CALGARY, Alberta — Western Canada was Michael Raffl’s sound of music last season.
When Dave Hakstol reshuffled his lines heading into last season’s game at Calgary, the Austrian took on a Frankenstein-like awakening, scoring the game-winning goal in each of those three victories when the Flyers swept the Calgary, Edmonton and Vancouver road trip for the first time in 21 years.
Raffl also contributed a point in five straight games during that stretch, the longest such streak of his career.
“We’ll have to wait and see, but I’m very excited,” Raffl said Tuesday of playing with Jakub Voracek and Sean Couturier. “It’s definitely not the same. I’ve felt as good as ever since I came back. It’s a great opportunity for me to step up and do something.”
Now five games back in his return from a lower leg injury, Raffl has been one of the Flyers' better forwards and the 30-year-old could be on the verge of putting together a stretch of solid performances that could increase his value.
Which leaves you asking: what exactly is Raffl’s future in Philly and should the Flyers look to strike if he gets red hot again?
It was generally assumed under the Ron Hextall regime that Raffl would test the free-agent market this offseason after signing a three-year extension in February 2016. With Chuck Fletcher now calling the shots, the situation is a little more difficult to read. Raffl had an injury-plagued season in 2016-17 and was inconsistent through 2017-18.
Right now, re-signing Raffl is probably not too high on Fletcher’s pecking order with the Wayne Simmonds dilemma coupled with extensions for Ivan Provorov and Travis Konecny.
“I was struggling my first contract year and I basically wasted a year just thinking about wrong stuff,” Raffl said. “I’m not going to let it bother me again, so I’m chill.”
Cool and calmness aside, the next two months could ultimately determine the next chapter in Raffl’s career.

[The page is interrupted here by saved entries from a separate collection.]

(* Let $A$ be a unital C*-algebra, let $f\in A$ be self-adjoint, and let $\varepsilon>0$. Then there exist $n\in\mathbb N$, $\delta>0$ and self-adjoint $f_1,\dots,f_n\in A$ such that $\|f-f_i\|<\varepsilon$ for $i=1,\dots,n$, and $\frac1n(\tau(\chi_\delta(f_1))+\cdots+\tau(\chi_\delta(f_n)))<\varepsilon$ for all tracial states $\tau\in\mathrm{T}(A)$.
   Context: $\chi_\delta\colon\mathbb R\to\mathbb R$ is the continuous function equal to $1$ on $\{|t|<\delta/2\}$, $0$ on $\{|t|>\delta\}$, and linear otherwise; $\chi_\delta(f_i)$ is defined by continuous functional calculus. *)

From mathcomp Require Import all_boot all_algebra.
From mathcomp Require Import complex.
From mathcomp Require Import boolp classical_sets reals.
Import GRing.Theory Num.Theory.
Set Implicit Arguments. Unset Strict Implicit. Unset Printing Implicit Defensive.
Local Open Scope ring_scope.

Record cstar_algebra (R : realType) := CStarAlgebra {
  cs_car :> algType R[i];
  cs_norm : cs_car -> R;
  cs_star : cs_car -> cs_car;
  cs_norm_ge0 : forall x, 0 <= cs_norm x;
  cs_norm_eq0 : forall x, cs_norm x = 0 -> x = 0;
  cs_norm_triangle : forall x y, cs_norm (x + y) <= cs_norm x + cs_norm y;
  cs_norm_scale : forall (c : R[i]) x,
      ((cs_norm (c *: x))%:C)%C = `|c| * ((cs_norm x)%:C)%C;
  cs_norm_mul : forall x y, cs_norm (x * y) <= cs_norm x * cs_norm y;
  cs_star_add : forall x y, cs_star (x + y) = cs_star x + cs_star y;
  cs_star_scale : forall (c : R[i]) x, cs_star (c *: x) = c^* *: cs_star x;
  cs_star_mul : forall x y, cs_star (x * y) = cs_star y * cs_star x;
  cs_star_invol : forall x, cs_star (cs_star x) = x;
  cs_cstar_id : forall x, cs_norm (cs_star x * x) = cs_norm x ^+ 2;
  cs_complete : forall u : nat -> cs_car,
      (forall e : R, 0 < e -> exists N : nat, forall m n : nat,
          (N <= m)%N -> (N <= n)%N -> cs_norm (u m - u n) < e) ->
      exists l : cs_car, forall e : R, 0 < e -> exists N : nat,
          forall n : nat, (N <= n)%N -> cs_norm (u n - l) < e
}.

Section CStarDefs.
Variables (R : realType) (A : cstar_algebra R).

Definition self_adjoint (f : A) : Prop := cs_star f = f.

Definition tracial_state (tau : A -> R[i]) : Prop :=
  [/\ forall x y : A, tau (x + y) = tau x + tau y,
      forall (c : R[i]) (x : A), tau (c *: x) = c * tau x,
      forall x : A, 0 <= tau (cs_star x * x),
      tau 1 = 1 &
      forall x y : A, tau (x * y) = tau (y * x)].

Definition peval (p : {poly R}) (f : A) : A :=
  \sum_(k < size p) ((p`_k)%:C)%C *: f ^+ k.

(* continuous functional calculus for self-adjoint f and continuous
   h : R -> R: h(f) = lim p_k(f) for real polynomials p_k -> h uniformly
   on [-||f||, ||f||] (an interval containing the spectrum of f). *)
Definition cfc (h : R -> R) (f : A) : A :=
  xget 0 [set l : A | exists p : nat -> {poly R},
    (forall e : R, 0 < e -> exists N : nat, forall k : nat, (N <= k)%N ->
        forall t : R, `|t| <= cs_norm f -> `|h t - (p k).[t]| < e) /\
    (forall e : R, 0 < e -> exists N : nat, forall k : nat, (N <= k)%N ->
        cs_norm (peval (p k) f - l) < e)].

End CStarDefs.

Definition chi (R : realType) (delta : R) (t : R) : R :=
  if `|t| < delta / 2 then 1
  else if delta < `|t| then 0
  else (delta - `|t|) / (delta / 2).

(* Take n > 1/eps, eta = eps/n and f_i = f + i eta (i < n).  The functions
   t |-> chi_(eta/4)(t + i eta) have pairwise disjoint supports, so their sum is
   at most 1, and positivity of tau turns this into
   sum_i tau(chi_(eta/4)(f_i)) <= 1; the average is then at most 1/n < eps.  Approximating each
   chi_(eta/4)(f_i) by p_i(f_i) for a polynomial p_i reduces the claim to
   tau(q(f)) >= 0 for a polynomial q positive on an interval [alpha, beta] with
   f - alpha >= 0 and beta - f >= 0.  By Lukacs' factorization of q, and since
   1 - h has a square root when |h| < 1 (a contraction iteration), such q(f) is
   a limit of sums of squares of self-adjoint elements commuting with f, on
   which tau is nonnegative. *)

From HB Require Import structures.
From mathcomp Require Import all_boot all_order all_algebra.
From mathcomp Require Import complex.
From mathcomp Require Import boolp classical_sets reals.
From mathcomp Require Import ring lra.
Import Order.TTheory GRing.Theory Num.Theory.
Set Implicit Arguments. Unset Strict Implicit. Unset Printing Implicit Defensive.
Local Open Scope complex_scope.
Local Open Scope ring_scope.

Lemma normcR (R : rcfType) (r : R) : `|r%:C| = `|r|%:C.
Proof. by rewrite normc_def /= expr0n addr0 sqrtr_sqr. Qed.

Lemma lec_addgt0P (R : rcfType) (z : R[i]) (a : R) :
  (forall e : R, 0 < e -> z <= (a + e)%:C) -> z <= a%:C.
Proof.
move=> le_z; have := le_z 1 ltr01; rewrite lecE /= => /andP[/eqP Imz _].
rewrite lecE /= -Imz eqxx /=; apply/ler_addgt0Pr => e e0.
by have := le_z e e0; rewrite lecE => /andP[_].
Qed.

Section Basics.
Context {R : realType} {A : cstar_algebra R}.
Implicit Types (x y z : A) (r : R).

Lemma cs_star_nmod_morphism : nmod_morphism (@cs_star R A).
Proof.
split=> [|x y]; last exact: cs_star_add.
by apply/(addrI (cs_star 0)); rewrite -cs_star_add !addr0.
Qed.

HB.instance Definition _ :=
  GRing.isNmodMorphism.Build A A (@cs_star R A) cs_star_nmod_morphism.

Definition real_alg : {rmorphism R -> A} := in_alg A \o real_complex R.

Lemma real_algE r : real_alg r = r%:C%:A.
Proof. by []. Qed.

Lemma real_alg_comm x : commr_rmorph real_alg x.
Proof. by move=> r; rewrite /GRing.comm comm_alg. Qed.

Lemma cs_normZr r x : cs_norm (r%:C *: x) = `|r| * cs_norm x.
Proof. by apply: complexI; rewrite cs_norm_scale normcR rmorphM. Qed.

Lemma cs_norm0 : cs_norm (0 : A) = 0.
Proof. by have := cs_normZr 0 0; rewrite scale0r normr0 mul0r. Qed.

Lemma cs_norm_eq0P x : (cs_norm x = 0) <-> (x = 0).
Proof. by split=> [/cs_norm_eq0|->] //; rewrite cs_norm0. Qed.

Lemma cs_normN x : cs_norm (- x) = cs_norm x.
Proof.
by have := cs_normZr (-1) x; rewrite rmorphN1 scaleN1r normrN1 mul1r.
Qed.

Lemma cs_distC x y : cs_norm (x - y) = cs_norm (y - x).
Proof. by rewrite -cs_normN opprB. Qed.

Lemma cs_dist_triangle x y z :
  cs_norm (x - z) <= cs_norm (x - y) + cs_norm (y - z).
Proof. by have := cs_norm_triangle (x - y) (y - z); rewrite addrA subrK. Qed.

Lemma cs_norm_mulB x y x' y' :
  cs_norm (x * y - x' * y') <= cs_norm x * cs_norm (y - y') + cs_norm (x - x') * cs_norm y'.
Proof.
have -> : x * y - x' * y' = x * (y - y') + (x - x') * y'.
  by rewrite mulrBr mulrBl addrA subrK.
by apply: le_trans (cs_norm_triangle _ _) _; apply: lerD; apply: cs_norm_mul.
Qed.

Lemma cs_star_real_scale r x : cs_star (r%:C *: x) = r%:C *: cs_star x.
Proof. by rewrite cs_star_scale; congr (_ *: _); exact: conjc_real. Qed.

Lemma cs_star1 : cs_star (1 : A) = 1.
Proof.
have := cs_star_mul (cs_star 1) (1 : A); rewrite !mulr1 cs_star_invol => h.
by rewrite [RHS]h mulr1.
Qed.

Lemma cs_star_real_alg r : cs_star (real_alg r) = real_alg r.
Proof. by rewrite real_algE cs_star_real_scale cs_star1. Qed.

Lemma cs_norm1 : cs_norm (1 : A) <= 1.
Proof.
have := cs_cstar_id (1 : A); rewrite cs_star1 mulr1 => h.
have [->|nz] := eqVneq (cs_norm (1 : A)) 0; first exact: ler01.
suff -> : cs_norm (1 : A) = 1 by [].
by apply: (mulfI nz); rewrite mulr1 -expr2 -h.
Qed.

Lemma cs_norm_real_alg r : cs_norm (real_alg r) <= `|r|.
Proof.
rewrite real_algE cs_normZr -[leRHS]mulr1.
by apply: ler_wpM2l; [exact: normr_ge0 | exact: cs_norm1].
Qed.

Lemma cs_norm_star x : cs_norm (cs_star x) = cs_norm x.
Proof.
suff le_star y : cs_norm y <= cs_norm (cs_star y).
  by apply/eqP; rewrite eq_le le_star -{2}(cs_star_invol x) le_star.
have [->|nz] := eqVneq (cs_norm y) 0; first exact: cs_norm_ge0.
have y_gt0 : 0 < cs_norm y by rewrite lt_def nz cs_norm_ge0.
rewrite -(ler_pM2r y_gt0) -expr2 -cs_cstar_id; exact: cs_norm_mul.
Qed.

End Basics.

Lemma bernoulli_ineq (R : realFieldType) (s : R) (n : nat) :
  0 <= s -> 1 + n%:R * s <= (1 + s) ^+ n.
Proof.
move=> s_ge0; elim: n => [|n IHn]; first by rewrite mul0r addr0 expr0.
have : 0 <= (1 + s) ^+ n by apply: exprn_ge0; lra.
have : 0 <= n%:R * s by apply: mulr_ge0.
rewrite exprS -natr1; nra.
Qed.

Lemma exists_expr_lt (R : archiRealFieldType) (r e : R) :
  0 <= r -> r < 1 -> 0 < e -> exists n, r ^+ n < e.
Proof.
move=> r_ge0 r_lt1 e_gt0.
have [->|r_neq0] := eqVneq r 0; first by exists 1%N; rewrite expr1.
have r_gt0 : 0 < r by rewrite lt_def r_neq0.
pose s := r^-1 - 1.
have s_gt0 : 0 < s by rewrite subr_gt0 invf_gt1.
have M_ge0 : 0 <= e^-1 / s by apply: divr_ge0; rewrite ?invr_ge0 ltW.
exists (Num.Def.archi_bound (e^-1 / s)).
move: (archi_boundP M_ge0); set n := Num.Def.archi_bound _ => lt_n.
have lt_ns : e^-1 < n%:R * s by rewrite -ltr_pdivrMr.
have := bernoulli_ineq n (ltW s_gt0).
have -> : 1 + s = r^-1 by rewrite addrC subrK.
rewrite exprVn => le_n.
have rn_gt0 : 0 < r ^+ n by apply: exprn_gt0.
by rewrite -ltf_pV2 ?posrE //; lra.
Qed.

Section Convergence.
Context {R : realType} {A : cstar_algebra R}.
Implicit Types (u v : nat -> A) (a b l : A).

Definition cs_cvg u l := forall e : R, 0 < e ->
  exists M, forall n, (M <= n)%N -> cs_norm (u n - l) < e.

Lemma cs_cvg_unique u l l' : cs_cvg u l -> cs_cvg u l' -> l = l'.
Proof.
move=> ul ul'; apply/subr0_eq/cs_norm_eq0P/eqP.
rewrite eq_le cs_norm_ge0 andbT; apply/ler_addgt0Pr => e e_gt0.
have e2_gt0 : 0 < e / 2 by lra.
have [M1 HM1] := ul _ e2_gt0; have [M2 HM2] := ul' _ e2_gt0.
pose n := maxn M1 M2.
have := HM1 n (leq_maxl _ _); have := HM2 n (leq_maxr _ _).
have := cs_dist_triangle l (u n) l'; rewrite (cs_distC l (u n)); lra.
Qed.

Lemma cs_cvg_cst l : cs_cvg (fun=> l) l.
Proof. by move=> e e_gt0; exists 0%N => n _; rewrite subrr cs_norm0. Qed.

Lemma cs_cvgS u l : cs_cvg u l -> cs_cvg (fun n => u n.+1) l.
Proof. by move=> ul e /ul[M HM]; exists M => n le_Mn; apply/HM/leqW. Qed.

Lemma cs_cvg_star u l : cs_cvg u l -> cs_cvg (fun n => cs_star (u n)) (cs_star l).
Proof. by move=> ul e /ul[M HM]; exists M => n /HM; rewrite -raddfB cs_norm_star. Qed.

Lemma cs_cvgD u v a b :
  cs_cvg u a -> cs_cvg v b -> cs_cvg (fun n => u n + v n) (a + b).
Proof.
move=> ua vb e e_gt0; have e2_gt0 : 0 < e / 2 by lra.
have [M1 HM1] := ua _ e2_gt0; have [M2 HM2] := vb _ e2_gt0.
exists (maxn M1 M2) => n; rewrite geq_max => /andP[/HM1 lt1 /HM2 lt2].
rewrite opprD addrACA; apply: le_lt_trans (cs_norm_triangle _ _) _; lra.
Qed.

Lemma cs_cvgZr (r : R) u a :
  cs_cvg u a -> cs_cvg (fun n => r%:C *: u n) (r%:C *: a).
Proof.
move=> ua e e_gt0; have r1_gt0 : 0 < `|r| + 1 by rewrite ltr_wpDl.
have [M HM] := ua _ (divr_gt0 e_gt0 r1_gt0).
exists M => n /HM; rewrite -scalerBr cs_normZr ltr_pdivlMr // => lt_e.
apply: le_lt_trans lt_e; rewrite mulrC; apply: ler_wpM2l; [exact: cs_norm_ge0 | lra].
Qed.

Lemma cs_cvgM u v a b :
  cs_cvg u a -> cs_cvg v b -> cs_cvg (fun n => u n * v n) (a * b).
Proof.
move=> ua vb e e_gt0.
pose K := cs_norm a + cs_norm b + 2.
have K_gt0 : 0 < K by rewrite /K; have := cs_norm_ge0 a; have := cs_norm_ge0 b; lra.
pose d := Num.min 1 (e / K).
have d_gt0 : 0 < d by rewrite lt_min ltr01 divr_gt0.
have [M1 HM1] := ua _ d_gt0; have [M2 HM2] := vb _ d_gt0.
exists (maxn M1 M2) => n; rewrite geq_max => /andP[/HM1 lt_u /HM2 lt_v].
apply: le_lt_trans (cs_norm_mulB _ _ _ _) _.
have d_le1 : d <= 1 by rewrite /d ge_min lexx.
have dK : d * K <= e by rewrite -ler_pdivlMr // /d ge_min lexx orbT.
have le_u : cs_norm (u n) <= cs_norm a + 1.
  by have := cs_dist_triangle (u n) a 0; rewrite !subr0; lra.
have := cs_norm_ge0 (u n); have := cs_norm_ge0 (v n - b).
have := cs_norm_ge0 (u n - a); have := cs_norm_ge0 b; have := cs_norm_ge0 a.
rewrite /K in dK; nra.
Qed.

Lemma cs_cvg_self_adjoint u l :
  cs_cvg u l -> (forall k, self_adjoint (u k)) -> self_adjoint l.
Proof.
move=> ul sa_u; apply: cs_cvg_unique (cs_cvg_star ul) _.
by under eq_fun do rewrite sa_u.
Qed.

Lemma cs_cvg_geometric u (r : R) : 0 <= r -> r < 1 ->
  (forall k, cs_norm (u k.+1 - u k) <= r ^+ k) -> exists l, cs_cvg u l.
Proof.
move=> r_ge0 r_lt1 step; apply: cs_complete => e e_gt0.
have tele n j : cs_norm (u (n + j)%N - u n) <= (r ^+ n - r ^+ (n + j)) / (1 - r).
  elim: j => [|j IHj]; first by rewrite addn0 !subrr cs_norm0 mul0r.
  apply: le_trans (cs_dist_triangle _ (u (n + j)%N) _) _; rewrite addnS.
  have -> : (r ^+ n - r ^+ (n + j).+1) / (1 - r)
          = r ^+ (n + j) + (r ^+ n - r ^+ (n + j)) / (1 - r).
    by rewrite exprS; field; lra.
  exact: lerD.
have [M ltM] : exists M, r ^+ M < e * (1 - r) / 2.
  by apply: exists_expr_lt => //; apply: divr_gt0 => //; apply: mulr_gt0; lra.
have near_M p : (M <= p)%N -> cs_norm (u p - u M) <= r ^+ M / (1 - r).
  move=> le_Mp; rewrite -(subnKC le_Mp); apply: le_trans (tele _ _) _.
  apply: ler_wpM2r; first by rewrite invr_ge0 subr_ge0 ltW.
  by rewrite gerBl exprn_ge0.
exists M => m n /near_M le_m /near_M le_n.
apply: le_lt_trans (cs_dist_triangle _ (u M) _) _; rewrite (cs_distC (u M)).
have : r ^+ M / (1 - r) < e / 2 by rewrite ltr_pdivrMr; lra.
lra.
Qed.

End Convergence.

Section SquareRoot.
Context {R : realType} {A : cstar_algebra R}.
Variables (h : A) (rho : R).
Hypotheses (sa_h : self_adjoint h) (le_h : cs_norm h <= rho) (rho_lt1 : rho < 1).

(* [1 - z] is a square root of [1 - h] iff [z] is a fixed point of
   [z |-> (h + z ^+ 2) / 2], a contraction of ratio [r] on the ball of radius [r]. *)
Fixpoint sqrt_iter k : A :=
  if k is k'.+1 then 2^-1%:C *: (h + sqrt_iter k' * sqrt_iter k') else 0.

Local Notation r := ((1 + rho) / 2).

Let rho_ge0 : 0 <= rho.
Proof. exact: le_trans (cs_norm_ge0 h) le_h. Qed.

Let norm_half (x : A) : cs_norm (2^-1%:C *: x) = cs_norm x / 2.
Proof. by rewrite cs_normZr ger0_norm ?invr_ge0 ?ler0n // mulrC. Qed.

Lemma sqrt_iter_norm k : cs_norm (sqrt_iter k) <= r.
Proof.
have rho0 := rho_ge0.
elim: k => [|k IHk] /=; first by rewrite cs_norm0; lra.
have le_sq : cs_norm (sqrt_iter k) * cs_norm (sqrt_iter k) <= r * r.
  by apply: ler_pM; rewrite ?cs_norm_ge0 ?IHk.
have le_r : rho + r * r <= 2 * r.
  have : 0 <= (1 - rho) * (rho + 3) by apply: mulr_ge0; move: rho_lt1; lra.
  nra.
rewrite norm_half; have := cs_norm_triangle h (sqrt_iter k * sqrt_iter k).
have := cs_norm_mul (sqrt_iter k) (sqrt_iter k).
move: le_h le_sq le_r; set s := _ * cs_norm _; set rr := r * r; lra.
Qed.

For a player that doesn’t get a sniff on the power play, his numbers could be in the 30- to- 35-point range for someone with his size, skill and ability to control the puck. He plays significantly better when paired with Voracek and more skilled forwards, while he also has a tendency to take his foot off the pedal when he’s relegated to a third or fourth line.
Raffl becomes a valuable asset for a general manager looking for versatility in their bottom six. He’s a strong forward who plays big, kills penalties and plays both wing positions. He can also even be a net-front presence on a second power-play unit.
“I believe he relishes those opportunities,” Hakstol said. “One of the reasons he’s been successful is, he doesn’t change his game. He stays within what gives him success. He plays straight line, power hockey. Possession hockey.”
Raffl also has an expiring contract at a very manageable $2.35 million cap hit, which makes his situation even more appealing.
There’s value with Raffl that could pique a team’s interest.
The Flyers just need Raffl to be playing at his peak.